Those responsible for the cyberattack on the General Council of the Judiciary used the governing body of the judges as a window to access different State agencies and steal information from hundreds of thousands of Spaniards. The most serious consequences were experienced at the Tax Agency, where the attackers obtained data from nearly half a million taxpayers, sources close to the case have revealed to elDiario.es.
The seriousness of the attack has mobilized the Information and Intelligence services and has motivated the opening of a secret investigation in the National High Court. Those responsible for the investigations were struck by one piece of information from the beginning: it was not just an act of Trawlinga massive data leak, but the cyberattackers searched for specific names, people with a public profile, add the same sources.
The General Council of the Judiciary reported last Tuesday in a press release that it had detected “a cyber attack on the networks of the Spanish Public Administrations in which the Judicial Neutral Point (PNJ) was affected”. This name refers to the telecommunications network that connects the courts and other judicial bodies with the rest of the State institutions, but whose management depends on the governing body of the judges.
In reality, this Judicial Neutral Point was the initial objective of the attack, presumably in order to jump to the rest of the connected institutions. One of them is the General Police Directorate, from which hackers have obtained the data of around 50,000 members of the Corps. The ‘hackers’ or their clients now have in their possession the name, address and the rest of the information that appears on the DNI of these national police officers.
However, the main concern of the researchers is the Tax Agency. The cell of each taxpayer stores a very diverse and complete amount of information, such as income, properties, their declarations before the Public Treasury itself… Last March, Iberdrola reported a cyberattack that affected 1.3 million customers, but in that case, the stolen data was such as the DNI, the address, the telephone number and the email address,
As reported by the CGPJ, other organizations affected are the Public Employment Service or the National Institute of Social Security. When the attack was detected, the CGPJ reported the attack to the Cybersecurity Operations Center of the General Administration of the State and its Public Bodies (COCOS) and the National Cryptologic Center, dependent on the CNI.
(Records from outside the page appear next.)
(* Let $(X,\mathbf h,\Lambda,\widetilde B)$ be a quantum seed, $i\in[1,n]$, and let $X'_i$ be the cluster variable of $\mu_i(X,\mathbf h,\Lambda,\widetilde B)$ in position $i$. For every positive integer $s$, $$(X'_i)^s=V^s_{b^i}\,X(s[-b^i]_+-se_i)\qquad\text{and}\qquad (X'_i)^s=W^s_{b^i}\,X(s[b^i]_+-se_i),$$ where $$V^s_{b^i}=\prod_{k=1}^s\Big(\sum_{l=0}^{d_i}q^{\frac{2k-1}{2}l\tilde d_id_i^{-1}}h_{i,l}\,X(l\beta^i)\Big),\qquad W^s_{b^i}=\prod_{k=1}^s\Big(\sum_{l=0}^{d_i}q^{\frac{1-2k}{2}l\tilde d_id_i^{-1}}h_{i,l}\,X(-l\beta^i)\Big).$$
   Context: Notation: $[a,b]=\{a,a+1,\dots,b\}$; $[x]_+=\max(x,0)$, applied entrywise to vectors; $e_1,\dots,e_m$ is the standard basis of $\mathbb Z^m$. Fix integers $m\ge n\ge 1$. A compatible pair $(\Lambda,\widetilde B)$ consists of an $m\times n$ integer matrix $\widetilde B=(b_{kl})$ and a skew-symmetric $m\times m$ integer matrix $\Lambda$ such that $\Lambda\widetilde B=-\begin{bmatrix}D\\0\end{bmatrix}$ for some $D=\mathrm{diag}(\tilde d_1,\dots,\tilde d_n)$ with all $\tilde d_k\in\mathbb Z_{>0}$. Write $\Lambda(a,b)=a^T\Lambda b$. Fix positive integers $d_1,\dots,d_n$ such that $d_k$ divides every entry of the $k$-th column $b^k$ of $\widetilde B$; $\beta^k=\frac1{d_k}b^k$. The quantum torus $\mathcal T(\Lambda)$ is the $\mathbb Z[q^{\pm1/2}]$-algebra with basis $\{X(c)\mid c\in\mathbb Z^m\}$ and multiplication $X(c)X(d)=q^{\frac12\Lambda(c,d)}X(c+d)$; $\mathcal F$ is its skew field of fractions, $X_k=X(e_k)$. For $k\in[1,n]$, $\mathbf h_k=(h_{k,0},\dots,h_{k,d_k})$ with $h_{k,r}\in\mathbb Z[q^{\pm1/2}]$, $h_{k,r}=h_{k,d_k-r}$, $h_{k,0}=h_{k,d_k}=1$. A quantum seed $(X,\mathbf h,\Lambda,\widetilde B)$ consists of these data and the map $X:c\mapsto X(c)$. Its mutation in direction $i$ has cluster variables $X'_k=X_k$ for $k\ne i$ and $X'_i=\sum_{r=0}^{d_i}h_{i,r}X(r[\beta^i]_++(d_i-r)[-\beta^i]_+-e_i)$. *)

(* Concrete model of the quantum torus T(Lambda) as a free
   Z[t^{+-1}]-module (t = q^{1/2}) with basis X(c), c in Z^m, given by finite
   formal sums; equality is equality of all coefficients. *)
From HB Require Import structures.
From mathcomp Require Import all_boot all_order all_algebra.
Set Implicit Arguments. Unset Strict Implicit. Unset Printing Implicit Defensive.
Import Order.TTheory GRing.Theory Num.Theory.
Local Open Scope ring_scope.

(* Elements of Z[q^{+-1/2}] : finite formal sums of (a, j) meaning a * t^j,
   t = q^{1/2}. *)
Definition laurent := seq (int * int).
Definition lcoef (h : laurent) (j : int) : int := \sum_(x <- h | x.2 == j) x.1.
Definition laurent_eq (h h' : laurent) : Prop := forall j, lcoef h j = lcoef h' j.
Definition laurent_one : laurent := [:: (1, 0)].

(* Elements of T(Lambda): finite formal sums of (a, j, c) meaning a t^j X(c). *)
Definition qterm (m : nat) := (int * int * 'rV[int]_m)%type.
Definition qtor (m : nat) := seq (qterm m).
Definition qcoef m (p : qtor m) (j : int) (c : 'rV[int]_m) : int :=
  \sum_(x <- p | (x.1.2 == j) && (x.2 == c)) x.1.1.
Definition qt_eq m (p p' : qtor m) : Prop :=
  forall j c, qcoef p j c = qcoef p' j c.

Definition lam m (L : 'M[int]_m) (c d : 'rV[int]_m) : int := (c *m L *m d^T) 0 0.

(* multiplication X(c)X(d) = q^{Lambda(c,d)/2} X(c+d), extended bilinearly *)
Definition qmul m (L : 'M[int]_m) (p p' : qtor m) : qtor m :=
  [seq (x.1.1 * y.1.1, x.1.2 + y.1.2 + lam L x.2 y.2, x.2 + y.2) | x <- p, y <- p'].
Definition qone m : qtor m := [:: (1, 0, 0)].
Definition qX m (c : 'rV[int]_m) : qtor m := [:: (1, 0, c)].
Definition qscal m (h : laurent) (j : int) (c : 'rV[int]_m) : qtor m :=
  [seq (x.1, x.2 + j, c) | x <- h].
Definition qpow m (L : 'M[int]_m) (p : qtor m) (s : nat) : qtor m :=
  iter s (qmul L p) (qone m).
Definition qprod m (L : 'M[int]_m) (ps : seq (qtor m)) : qtor m :=
  foldr (qmul L) (qone m) ps.

Definition pospart m (v : 'rV[int]_m) : 'rV[int]_m := map_mx (fun x => Num.max x 0) v.
(* standard basis vector e_i of Z^m, for i in [1,n] (0-indexed) *)
Definition evec m n (i : 'I_n) : 'rV[int]_m := \row_(k < m) (if (k : nat) == i then 1 else 0).
Definition bcol m n (B : 'M[int]_(m, n)) (l : 'I_n) : 'rV[int]_m := \row_(k < m) B k l.
Definition beta m n (B : 'M[int]_(m, n)) (d : 'I_n -> nat) (l : 'I_n) : 'rV[int]_m :=
  \row_(k < m) (B k l %/ (d l)%:Z)%Z.

Definition compatible m n (L : 'M[int]_m) (B : 'M[int]_(m, n)) (dt : 'I_n -> int) : Prop :=
  L^T = - L /\ (forall l, 0 < dt l) /\
  (forall (k : 'I_m) (l : 'I_n), (L *m B) k l = if (k : nat) == l then - dt l else 0).

Definition good_d m n (B : 'M[int]_(m, n)) (d : 'I_n -> nat) : Prop :=
  (forall l, (0 < d l)%N) /\ (forall k l, ((d l)%:Z %| B k l)%Z).

Definition good_h n (d : 'I_n -> nat) (h : 'I_n -> nat -> laurent) : Prop :=
  forall k, [/\ forall r, (r <= d k)%N -> laurent_eq (h k r) (h k (d k - r)%N),
              laurent_eq (h k 0) laurent_one & laurent_eq (h k (d k)) laurent_one].

Definition mut_var m n (B : 'M[int]_(m, n)) (d : 'I_n -> nat) (h : 'I_n -> nat -> laurent)
  (i : 'I_n) : qtor m :=
  flatten [seq qscal (h i r) 0
             (pospart (beta B d i) *+ r + pospart (- beta B d i) *+ (d i - r)%N - evec m i)
          | r <- iota 0 (d i).+1].

Definition Vfac m n (B : 'M[int]_(m, n)) (d : 'I_n -> nat) (dt : 'I_n -> int)
  (h : 'I_n -> nat -> laurent) (i : 'I_n) (k : nat) : qtor m :=
  flatten [seq qscal (h i l) (((2 * k%:Z - 1) * l%:Z * dt i) %/ (d i)%:Z)%Z (beta B d i *+ l)
          | l <- iota 0 (d i).+1].
Definition Wfac m n (B : 'M[int]_(m, n)) (d : 'I_n -> nat) (dt : 'I_n -> int)
  (h : 'I_n -> nat -> laurent) (i : 'I_n) (k : nat) : qtor m :=
  flatten [seq qscal (h i l) (((1 - 2 * k%:Z) * l%:Z * dt i) %/ (d i)%:Z)%Z (- beta B d i *+ l)
          | l <- iota 0 (d i).+1].
Lemma abel_summation a D lo c :
  sum_range (fun k => a k * D k) lo c =
  sum_range (fun k => (a k - a (S k)) * sum_range D 0 (S k)) lo c
  + a (lo + c)%nat * sum_range D 0 (lo + c) - a lo * sum_range D 0 lo.
Proof.
  induction c as [|c IH].
  - rewrite !sum_range_0, Nat.add_0_r. ring.
  - rewrite !sum_range_succ, IH, Nat.add_succ_r, (sum_range_succ D 0 (lo + c)). simpl. ring.
Qed.

Section KernelSums.

Variables (a D : nat -> R) (B1 B2 : R).
Hypothesis a_nonneg : forall k, 0 <= a k.
Hypothesis D_bound : forall k, Rabs (D k) <= B1.
Hypothesis D_partial_bound : forall k, Rabs (sum_range D 0 k) <= B2.

Lemma kernel_sum_le lo c :
  Rabs (sum_range (fun k => a k * D k) lo c) <= B1 * sum_range a lo c.
Proof.
  eapply Rle_trans; [apply sum_range_mul_abs_le, D_bound|].
  assert (0 <= B1) by (pose proof (Rabs_pos (D 0%nat)); pose proof (D_bound 0%nat); lra).
  apply Rmult_le_compat_l; auto.
  apply sum_range_le. intros k. rewrite Rabs_right; [lra|apply Rle_ge, a_nonneg].
Qed.

Lemma kernel_sum_abel_le lo c :
  Rabs (sum_range (fun k => a k * D k) lo c)
  <= B2 * (variation a lo c + a (lo + c)%nat + a lo).
Proof.
  assert (HB2 : 0 <= B2)
    by (pose proof (Rabs_pos (sum_range D 0 0)); pose proof (D_partial_bound 0%nat); lra).
  assert (Hprod : forall j, Rabs (a j * sum_range D 0 j) <= B2 * a j).
  { intros j. rewrite Rabs_mult, Rabs_right by (apply Rle_ge, a_nonneg).
    rewrite Rmult_comm. apply Rmult_le_compat_r; auto. }
  assert (Hvar : Rabs (sum_range (fun k => (a k - a (S k)) * sum_range D 0 (S k)) lo c)
                 <= B2 * variation a lo c)
    by (apply sum_range_mul_abs_le; auto).
  rewrite abel_summation.
  pose proof (Hprod (lo + c)%nat). pose proof (Hprod lo).
  set (V := sum_range (fun k => (a k - a (S k)) * sum_range D 0 (S k)) lo c) in *.
  set (P := a (lo + c)%nat * sum_range D 0 (lo + c)) in *.
  set (Q := a lo * sum_range D 0 lo) in *.
  pose proof (Rabs_triang (V + P) (- Q)). pose proof (Rabs_triang V P).
  rewrite Rabs_Ropp in *. unfold Rminus. lra.
Qed.

End KernelSums.

Lemma Rinv_INR_le_twice p q : (0 < p)%nat -> (p <= 2 * q)%nat -> / INR q <= 2 * / INR p.
Proof.
  intros Hp Hpq.
  assert (Hp' : 0 < INR p) by (apply lt_0_INR; lia).
  assert (Hq' : 0 < INR q) by (apply lt_0_INR; lia).
  assert (INR p <= 2 * INR q)
    by (replace 2 with (INR 2) by reflexivity; rewrite <- mult_INR; apply le_INR; lia).
  apply Rmult_le_reg_l with (INR p * INR q); [nra|].
  replace (INR p * INR q * / INR q) with (INR p) by (field; lra).
  replace (INR p * INR q * (2 * / INR p)) with (2 * INR q) by (field; lra). lra.
Qed.

Section MHBVSRow.

Variables (a D : nat -> R) (n : nat) (K B1 B2 : R).
Hypothesis a_nonneg : forall k, 0 <= a k.
Hypothesis K_nonneg : 0 <= K.
Hypothesis mhbvs_row : forall m, (m < n)%nat ->
  variation a 0 (n - m) <= K * / INR (S m) * sum_range a (n - m) (S m).
Hypothesis D_bound : forall k, Rabs (D k) <= B1.
Hypothesis D_partial_bound : forall k, Rabs (sum_range D 0 k) <= B2.

Variable m : nat.
Hypothesis m_lt_n : (m < n)%nat.
Hypothesis double_m_le_n : (2 * m <= n)%nat.

Let p := (n - 2 * m)%nat.
Let X := sum_range a p (S n - p).

Lemma mhbvs_variation_le : variation a 0 (n - m) <= K * / INR (S m) * X.
Proof.
  eapply Rle_trans; [apply mhbvs_row, m_lt_n|].
  apply Rmult_le_compat_l.
  - apply Rmult_le_pos; [exact K_nonneg|left; apply Rinv_0_lt_compat, lt_0_INR; lia].
  - apply sum_range_subrange_le; auto; unfold p; lia.
Qed.

Lemma mhbvs_left_value_le : a p <= (1 + K) * / INR (S m) * X.
Proof.
  eapply Rle_trans; [apply (le_mean_plus_variation a p m p); lia|].
  assert (sum_range a p (S m) <= X) by (apply sum_range_subrange_le; auto; unfold p; lia).
  assert (variation a p m <= variation a 0 (n - m)) by (apply variation_subrange_le; unfold p; lia).
  pose proof mhbvs_variation_le.
  assert (0 < / INR (S m)) by (apply Rinv_0_lt_compat, lt_0_INR; lia).
  nra.
Qed.

Lemma mhbvs_kernel_sum_le :
  Rabs (sum_range (fun k => a k * D k) 0 (S n)) <= B1 * X + B2 * ((2 + 4 * K) * / INR (S m)) * X.
Proof.
  assert (HB2 : 0 <= B2)
    by (pose proof (Rabs_pos (sum_range D 0 0)); pose proof (D_partial_bound 0%nat); lra).
  replace (S n) with (p + (S n - p))%nat at 1 by (unfold p; lia).
  rewrite sum_range_add, Nat.add_0_l.
  pose proof (kernel_sum_abel_le a D B2 a_nonneg D_partial_bound 0 p) as Hhead.
  rewrite Nat.add_0_l in Hhead.
  pose proof (kernel_sum_le a D B1 a_nonneg D_bound p (S n - p)) as Htail. fold X in Htail.
  assert (Hvar : variation a 0 p <= variation a 0 (n - m))
    by (apply variation_subrange_le; unfold p; lia).
  assert (Ha0 : Rabs (a p - a 0%nat) <= variation a 0 p) by (apply Rabs_sub_le_variation; lia).
  rewrite Rabs_minus_sym in Ha0. pose proof (Rle_abs (a 0%nat - a p)).
  pose proof mhbvs_variation_le. pose proof mhbvs_left_value_le.
  assert (Hhead' : Rabs (sum_range (fun k => a k * D k) 0 p)
                   <= B2 * ((2 + 4 * K) * / INR (S m) * X)).
  { eapply Rle_trans; [exact Hhead|]. apply Rmult_le_compat_l; [exact HB2|].
    replace ((2 + 4 * K) * / INR (S m) * X)
      with (2 * ((1 + K) * / INR (S m) * X) + 2 * (K * / INR (S m) * X)) by ring.
    lra. }
  pose proof (Rabs_triang (sum_range (fun k => a k * D k) 0 p)
                          (sum_range (fun k => a k * D k) p (S n - p))).
  rewrite Rmult_assoc. lra.
Qed.

End MHBVSRow.

Section MRBVSRow.

Variables (a D : nat -> R) (n : nat) (K B1 B2 : R).
Hypothesis a_nonneg : forall k, 0 <= a k.
Hypothesis a_after_row : a (S n) = 0.
Hypothesis K_nonneg : 0 <= K.
Hypothesis mrbvs_row : forall m, (m < n)%nat ->
  variation a m (n - m) <= K * / INR (S m) * sum_range a ((m + 1) / 2) (S m - (m + 1) / 2).
Hypothesis D_bound : forall k, Rabs (D k) <= B1.
Hypothesis D_partial_bound : forall k, Rabs (sum_range D 0 k) <= B2.

Lemma mrbvs_variation_le m : (m < n)%nat ->
  variation a m (n - m) <= K * / INR (S m) * sum_range a 0 (S m).
Proof.
  intros Hm. eapply Rle_trans; [apply mrbvs_row, Hm|].
  apply Rmult_le_compat_l.
  - apply Rmult_le_pos; [exact K_nonneg|left; apply Rinv_0_lt_compat, lt_0_INR; lia].
  - pose proof (Nat.div_mod (m + 1) 2 ltac:(lia)).
    pose proof (Nat.mod_upper_bound (m + 1) 2 ltac:(lia)).
    apply sum_range_subrange_le; auto; lia.
Qed.

(* The value a_m is controlled by the mean of a over [(m+1)/2, m] plus the variation there, and
   both are O(A_{n,m}/(m+1)) because that window has length about m/2. *)
Lemma mrbvs_value_le m : (m < n)%nat -> a m <= (2 + 2 * K) * / INR (S m) * sum_range a 0 (S m).
Proof.
  intros Hm. set (L := ((m + 1) / 2)%nat). set (Al := sum_range a 0 (S m)).
  assert (HL : (2 * L <= m + 1 <= 2 * L + 1)%nat)
    by (pose proof (Nat.div_mod (m + 1) 2 ltac:(lia));
        pose proof (Nat.mod_upper_bound (m + 1) 2 ltac:(lia)); lia).
  eapply Rle_trans; [apply (le_mean_plus_variation a L (m - L) m); lia|].
  assert (Hmean : sum_range a L (S (m - L)) <= Al) by (apply sum_range_subrange_le; auto; lia).
  assert (Hvar : variation a L (m - L) <= K * / INR (S L) * Al).
  { eapply Rle_trans; [apply variation_subrange_le with (lo' := L) (c' := (n - L)%nat); lia|].
    eapply Rle_trans; [apply mrbvs_variation_le; lia|].
    apply Rmult_le_compat_l.
    - apply Rmult_le_pos; [exact K_nonneg|left; apply Rinv_0_lt_compat, lt_0_INR; lia].
    - apply sum_range_subrange_le; auto; lia. }
  assert (Hw1 : / INR (S (m - L)) <= 2 * / INR (S m)) by (apply Rinv_INR_le_twice; lia).
  assert (Hw2 : / INR (S L) <= 2 * / INR (S m)) by (apply Rinv_INR_le_twice; lia).
  assert (0 <= Al) by (apply sum_range_nonneg; auto).
  assert (0 <= sum_range a L (S (m - L))) by (apply sum_range_nonneg; auto).
  assert (0 <= / INR (S (m - L))) by (left; apply Rinv_0_lt_compat, lt_0_INR; lia).
  assert (0 <= / INR (S L)) by (left; apply Rinv_0_lt_compat, lt_0_INR; lia).
  assert (/ INR (S (m - L)) * sum_range a L (S (m - L)) <= 2 * / INR (S m) * Al)
    by (apply Rmult_le_compat; auto).
  assert (K * / INR (S L) * Al <= K * (2 * / INR (S m)) * Al)
    by (apply Rmult_le_compat_r; auto; apply Rmult_le_compat_l; auto).
  replace ((2 + 2 * K) * / INR (S m) * Al)
    with (2 * / INR (S m) * Al + K * (2 * / INR (S m)) * Al) by ring.
  lra.
Qed.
The judge of the espionage to the telephones of the Government
This Thursday, the National Court reported that the head of the Investigating Court number 2, José Manuel Calama, opened investigation proceedings on October 20 for a crime against a high-ranking body of the nation and the disclosure of discovery and disclosure of secrets .
The investigating magistrate commissioned the investigation to the General Information Police Station and decreed the secrecy of the proceedings for a month. At the same time, the judge has required two separate reports from the National Cryptologic Center and the Tax Agency.
Sources from the National High Court report that Calama was the duty judge when the CGPJ decided to file the complaint. The head of Court number 2 also instructs the Government’s complaint for the theft of information from the cell phones of the president and two ministers of the Executive through spyware.
At this point in the investigation into the cyberattack on the CGPJ, there is no reliable clue as to its origin and intentions, or whether it is for a foreign government, for profit, or comes from activism. What is certain is that it was a targeted attack that focused on the Judicial Neutral Point, aware that it was the door to access various state agencies.